My stepfather had passed just before my parent’s Sleepy Hollow house was up for sale. They had purchased another house a couple of miles further south, two blocks north of Midway Airport in Chicago near Archer Avenue and Cicero Avenue where they planned to move.
It was a situation where I was somewhat estranged from the family and had been put into a “house sitting” position. The first day, after I moved in during the first half of the 1990s, I had time to relax, sit atop my car in the garage, and stare across the alley at a prairie yard that filled between the railroad tracks and a printing business. It was time to lay back and read.

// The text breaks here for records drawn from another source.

(* Let $n\geqslant 2$ and fix a caterpillar species tree $S$ with $n$ leaves labeled by a set $X$. As $G$ ranges over all $n!/2$ caterpillar gene trees with leaves bijectively labeled by $X$, the distinct roadblock sets $B_{G,S}$ are in bijection with the monotonic lattice paths from $(0,0)$ to $(n-1,n-1)$ on the $(n-1)\times(n-1)$ lattice that do not cross above the diagonal $y=x$; in particular there are $C_{n-1}=\frac{1}{n}\binom{2n-2}{n-1}$ distinct roadblock sets.
   Context: All trees are binary, rooted, leaf-labeled. A caterpillar tree with $n$ leaves is a tree in which some internal node is descended from all other internal nodes. Its canonical label vector $(x_1,\dots,x_n)$ has $x_1,x_2$ the labels of the two leaves of the cherry (the unique internal node with exactly two descendant leaves) and, for $3\leqslant i\leqslant n$, $x_i$ the label of the leaf separated from the root by $n-i+1$ edges; vectors differing only by swapping $x_1,x_2$ describe the same tree. For caterpillars $G,S$ on the same label set with canonical vectors $\mathbf g,\mathbf s$, let $\sigma(x)$ be the index of label $x$ in $\mathbf s$, let $F(j)=\max\{\sigma(g_1),\dots,\sigma(g_{j+1})\}-1$ for $1\leqslant j\leqslant n-1$, and define the roadblock set $B_{G,S}=\{(i,j)\in\mathbb Z^2: 1\leqslant j\leqslant i\leqslant n-1,\ i<F(j)\}$. A monotonic path is a sequence of lattice points with steps $(1,0)$ or $(0,1)$; it does not cross above $y=x$ if all its points $(x,y)$ satisfy $y\leqslant x$. *)

From mathcomp Require Import all_boot.
Set Implicit Arguments. Unset Strict Implicit. Unset Printing Implicit Defensive.

(* A caterpillar tree on the finite label set X (n = #|X| leaves) is given by a
   canonical label vector (x_1,...,x_n): an n-tuple of distinct labels
   (x_i is stored at 0-based position i-1).  Vectors differing by swapping
   x_1,x_2 describe the same tree. *)
Definition canon_vec (X : finType) (v : #|X|.-tuple X) : bool := uniq v.

Definition sigma (X : finType) (s : #|X|.-tuple X) (x : X) : nat :=
  (index x s).+1.

Definition Fmax (X : finType) (s g : #|X|.-tuple X) (j : nat) : nat :=
  (\max_(x <- take j.+1 g) sigma s x) - 1.

Definition roadblock (X : finType) (g s : #|X|.-tuple X)
  : {set 'I_#|X| * 'I_#|X|} :=
  [set p : 'I_#|X| * 'I_#|X| |
     [&& 1 <= nat_of_ord p.2, nat_of_ord p.2 <= nat_of_ord p.1
       & nat_of_ord p.1 < Fmax s g p.2]].
(* Let $N\ge1$, $\beta$ a non-negative integer and $\gamma$ a constant. For every $Q$ in the algebra $\mathcal{H}_0'$ and every $f\in\mathbb{C}[x_1,\dots,x_N]$, $$\sigma^B(Qf)=\rho^B(Q)\,\sigma^B(f).$$
   Context: On $\mathbb{C}[x]=\mathbb{C}[x_1,\dots,x_N]$: $s_{ij}$ swaps $x_i,x_j$; $D^A_j=\frac{\partial}{\partial x_j}+\beta\sum_{k\neq j}\frac{1-s_{jk}}{x_j-x_k}$; $\hat D^A_j=x_jD^A_j+\beta\sum_{k<j}s_{jk}$; $\mathcal{H}_0'$ is the operator algebra generated by the $\hat D^A_j$ and $s_{ij}$, and $\widetilde{\mathcal H}'$ the one generated by the $x_j$, $\hat D^A_j$, $s_{ij}$. On functions of $z=(z_1,\dots,z_N)$: $s_{ij}$ swaps $z_i,z_j$; $t_j$ sends $z_j\mapsto -z_j$; $D^B_j=\frac{\partial}{\partial z_j}+\beta\sum_{k\neq j}\left(\frac{1-s_{jk}}{z_j-z_k}+\frac{1-t_jt_ks_{jk}}{z_j+z_k}\right)+\gamma\frac{1-t_j}{z_j}$; $\tilde b^\dagger_j=\frac1{\sqrt2}(-D^B_j+2z_j)$, $\tilde b_j=\frac1{\sqrt2}D^B_j$; $\tilde h^B_j=\tilde b^\dagger_j\tilde b_j+\beta\sum_{k<j}(s_{jk}+t_jt_ks_{jk})$. The operators $(\tilde b^\dagger_j)^2$ and $\tilde h^B_j$ preserve $\mathbb{C}[z^2]=\mathbb{C}[z_1^2,\dots,z_N^2]$. $\rho^B$ is the representation of $\widetilde{\mathcal H}'$ on $\mathbb{C}[z^2]$ determined by $\rho^B(x_j)=\tfrac12(\tilde b^\dagger_j)^2$, $\rho^B(\hat D^A_j)=\tfrac12\tilde h^B_j$, $\rho^B(s_{ij})=s_{ij}$. The linear map $\sigma^B:\mathbb{C}[x]\to\mathbb{C}[z^2]$ is $\sigma^B(f)=f\big((\tilde b^\dagger_1)^2/2,\dots,(\tilde b^\dagger_N)^2/2\big)\cdot1$. *)

From HB Require Import structures.
From mathcomp Require Import all_boot all_order all_algebra.
From mathcomp Require Import all_fingroup mpoly.
From Stdlib Require Import ClassicalEpsilon.
Set Implicit Arguments. Unset Strict Implicit. Unset Printing Implicit Defensive.
Import Order.TTheory GRing.Theory Num.Theory.
Local Open Scope ring_scope.

Section Ops.
Variables (C : numClosedFieldType) (N : nat) (beta : nat) (gamma : C).

Notation P := {mpoly C[N]}.

Definition exdiv (d p : P) : P := epsilon (inhabits 0) (fun q => d * q = p).

Definition sw (i j : 'I_N) (p : P) : P := msym (tperm i j) p.

Definition tflip (j : 'I_N) (p : P) : P :=
  p \mPo [tuple (if i == j then - 'X_i else 'X_i) | i < N].

Definition DA (j : 'I_N) (f : P) : P :=
  mderiv j f + beta%:R *: \sum_(k < N | k != j) exdiv ('X_j - 'X_k) (f - sw j k f).

Definition hatDA (j : 'I_N) (f : P) : P :=
  'X_j * DA j f + beta%:R *: \sum_(k < N | (k < j)%N) sw j k f.

Definition DB (j : 'I_N) (f : P) : P :=
  mderiv j f
  + beta%:R *: \sum_(k < N | k != j)
       (exdiv ('X_j - 'X_k) (f - sw j k f)
        + exdiv ('X_j + 'X_k) (f - tflip j (tflip k (sw j k f))))
  + gamma *: exdiv 'X_j (f - tflip j f).

Definition bdag (j : 'I_N) (f : P) : P :=
  (sqrtC 2)^-1 *: (- DB j f + 2%:R *: ('X_j * f)).

Definition bann (j : 'I_N) (f : P) : P := (sqrtC 2)^-1 *: DB j f.

Definition hB (j : 'I_N) (f : P) : P :=
  bdag j (bann j f)
  + beta%:R *: \sum_(k < N | (k < j)%N) (sw j k f + tflip j (tflip k (sw j k f))).

(* rho^B(x_j) = (bdag_j)^2 / 2 *)
Definition bdag2half (j : 'I_N) (f : P) : P := 2%:R^-1 *: bdag j (bdag j f).

(* sigma^B f = f((bdag_1)^2/2, ..., (bdag_N)^2/2) . 1 *)
Definition mono_op (m : 'X_{1..N}) (g : P) : P :=
  foldr (fun j acc => iter (m j) (bdag2half j) acc) g (enum 'I_N).

Definition sigmaB (f : P) : P := \sum_(m <- msupp f) f@_m *: mono_op m 1.

(* Elements of the algebra H_0' : formal expressions (linear combinations of
   products) in the generators hatD^A_j and s_ij. *)
Inductive H0expr : Type :=
| HgenD of 'I_N
| Hgens of 'I_N & 'I_N
| Hone
| Hadd of H0expr & H0expr
| Hscale of C & H0expr
| Hmul of H0expr & H0expr.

For some reason, the book at hand was a 1964 book, The Conscious Mind written by Kenneth Walker. In 1971, the teacher of my Introduction to Logic class was also named Kenneth Walker (same name, but not the same person as the author).

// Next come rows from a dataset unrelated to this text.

(* Let $(M,g)$ be a semi-Riemannian manifold with Levi-Civita connection $\overset{\circ}{\nabla}$, and let $\nabla$ be an affine connection of the form $\nabla_XY=\overset{\circ}{\nabla}_XY+U(-,X,Y)$, where $U$ is a $(1,2)$-tensor field. Define $S(A,X,Y):=U(A^\flat,X,Y)$ for vector fields $A,X,Y$. Then the following are equivalent: (i) $(U,\nabla)$ is a Schrödinger connection; (ii) for all vector fields $A,X,Y$, $S(A,X,Y)=S(A,Y,X)$ and $S(A,X,Y)+S(Y,A,X)+S(X,Y,A)=0$.
   Context: Musical isomorphisms: $X^\flat=g(X,-)$, $\omega^\sharp=g^{-1}(\omega,-)$. For a $(1,2)$-tensor field $U$, $U(-,X,Y)$ denotes the vector field with $\omega(U(-,X,Y))=U(\omega,X,Y)$. The pair $(U,\nabla)$ with $\nabla_XY=\overset{\circ}{\nabla}_XY+U(-,X,Y)$ is called a Schrödinger connection if for all vector fields $X,Y$ and one-forms $\omega$: (a) $U(\omega,X,Y)=U(\omega,Y,X)$, and (b) $U(\omega,X,Y)+U(\omega,Y,X)+U(X^\flat,\omega^\sharp,Y)+U(X^\flat,Y,\omega^\sharp)+U(Y^\flat,\omega^\sharp,X)+U(Y^\flat,X,\omega^\sharp)=0$. *)

(* Pointwise (tangent-space) model of the tensor calculus:
   vectors are column vectors 'cV[R]_n, one-forms are row vectors 'rV[R]_n,
   the pairing omega(X) is the 1x1 matrix product, the metric is a symmetric
   invertible matrix G. *)
From mathcomp Require Import all_boot all_order all_algebra.
Set Implicit Arguments. Unset Strict Implicit. Unset Printing Implicit Defensive.
Import GRing.Theory Num.Theory.
Local Open Scope ring_scope.

Section Defs.
Variables (R : realFieldType) (n : nat).

Definition metric (G : 'M[R]_n) : Prop := G^T = G /\ G \in unitmx.

Definition flat (G : 'M[R]_n) (X : 'cV[R]_n) : 'rV[R]_n := (G *m X)^T.
Definition sharp (G : 'M[R]_n) (w : 'rV[R]_n) : 'cV[R]_n := invmx G *m w^T.

Definition trilinear (U : 'rV[R]_n -> 'cV[R]_n -> 'cV[R]_n -> R) : Prop :=
  [/\ (forall X Y a w1 w2, U (a *: w1 + w2) X Y = a * U w1 X Y + U w2 X Y),
      (forall w Y a X1 X2, U w (a *: X1 + X2) Y = a * U w X1 Y + U w X2 Y) &
      (forall w X a Y1 Y2, U w X (a *: Y1 + Y2) = a * U w X Y1 + U w X Y2)].

Definition schrodinger (G : 'M[R]_n) (U : 'rV[R]_n -> 'cV[R]_n -> 'cV[R]_n -> R) : Prop :=
  (forall w X Y, U w X Y = U w Y X) /\
  (forall w X Y,
     U w X Y + U w Y X + U (flat G X) (sharp G w) Y + U (flat G X) Y (sharp G w)
     + U (flat G Y) (sharp G w) X + U (flat G Y) X (sharp G w) = 0).

Definition Sform (G : 'M[R]_n) (U : 'rV[R]_n -> 'cV[R]_n -> 'cV[R]_n -> R)
  (A X Y : 'cV[R]_n) : R := U (flat G A) X Y.

End Defs.

(* Since the metric is nondegenerate, flat is a bijection with inverse sharp,
   so quantifying over one-forms w is the same as quantifying over w = A^flat.
   Condition (a) then reads as the symmetry of S, and under (a) the six terms
   of (b) at w = A^flat pair up into twice the cyclic sum
   S(A,X,Y) + S(Y,A,X) + S(X,Y,A). *)
From mathcomp Require Import all_boot all_order all_algebra.
From mathcomp Require Import ring.
Set Implicit Arguments. Unset Strict Implicit.
Import GRing.Theory Num.Theory.
Local Open Scope ring_scope.

Section Musical.
Variables (R : realFieldType) (n : nat) (G : 'M[R]_n).
Hypothesis G_unit : G \in unitmx.

Lemma sharpK : cancel (sharp G) (flat G).
Proof. by move=> w; rewrite /flat /sharp mulmxA mulmxV // mul1mx trmxK. Qed.

Lemma flatK : cancel (flat G) (sharp G).
Proof. by move=> X; rewrite /flat /sharp trmxK mulmxA mulVmx // mul1mx. Qed.

Variable U : 'rV[R]_n -> 'cV[R]_n -> 'cV[R]_n -> R.

Lemma symmetric_U_Sform :
  (forall w X Y, U w X Y = U w Y X) <->
  (forall A X Y, Sform G U A X Y = Sform G U A Y X).
Proof.
split=> symU w X Y; first exact: symU.
by rewrite -(sharpK w); apply: symU.
Qed.

Lemma schrodinger_sum_flat (symU : forall w X Y, U w X Y = U w Y X) A X Y :
  let w := flat G A in
  U w X Y + U w Y X + U (flat G X) (sharp G w) Y + U (flat G X) Y (sharp G w)
  + U (flat G Y) (sharp G w) X + U (flat G Y) X (sharp G w)
  = 2 * (Sform G U A X Y + Sform G U Y A X + Sform G U X Y A).
Proof.
rewrite /= flatK /Sform (symU _ Y X) (symU (flat G X) Y A) (symU (flat G Y) X A).
ring.
Qed.

End Musical.

Theorem mainTheorem2 (R : realFieldType) (n : nat) (G : 'M[R]_n)
  (U : 'rV[R]_n -> 'cV[R]_n -> 'cV[R]_n -> R) :
  metric G -> trilinear U ->
  (schrodinger G U <->
   ((forall A X Y, Sform G U A X Y = Sform G U A Y X) /\
    (forall A X Y, Sform G U A X Y + Sform G U Y A X + Sform G U X Y A = 0))).
Proof.
move=> [_ G_unit] _.
have twice_eq0 (x : R) : (2 * x == 0) = (x == 0) by rewrite mulf_eq0 pnatr_eq0.
split=> [[symU cond_b] | [symS cyclicS]].
  split; first exact/(symmetric_U_Sform G_unit).
  move=> A X Y; apply/eqP; rewrite -twice_eq0.
  by rewrite -(schrodinger_sum_flat G_unit symU) cond_b.
have /(symmetric_U_Sform G_unit) symU := symS.
split=> // w X Y; rewrite -(sharpK G_unit w).
by rewrite (schrodinger_sum_flat G_unit symU) cyclicS mulr0.
Qed.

As I was reading, behind my mother’s 2nd house, I started to doze off, and the last thing I remember before putting the open book face down on my chest was,
“The mind ‘bloweth where it listeth’. Instead of remaining silent as we wish them to remain
during contemplation, our lower associative minds, or what the Hindu calls ‘manas’,
continue their ceaseless chatter about totally irrelevant matters. We may manage to
interrupt this mechanical flow of talk but a new theme immediately presents itself,
and off ‘manas’ goes again, like a dog after a rabbit” (The Conscious Mind, p 145).
I’m not sure, perhaps 10 minutes or so later, as I was still resting, I started to feel something wet on my right cheek. A second or so and I realized there is a big dog leaning over the side of my car licking my face. Then someone comes from the alley and yells at the dog and the dog goes off and the man said, “I’m sorry, he’s a greyhound, he went after a rabbit.”
I said, “Look at this.” And pointed at the line in the book that reads “like a dog after a rabbit.” He said, “Wow, that’s a coincidence!”
That was the first time I met my neighbor Tony.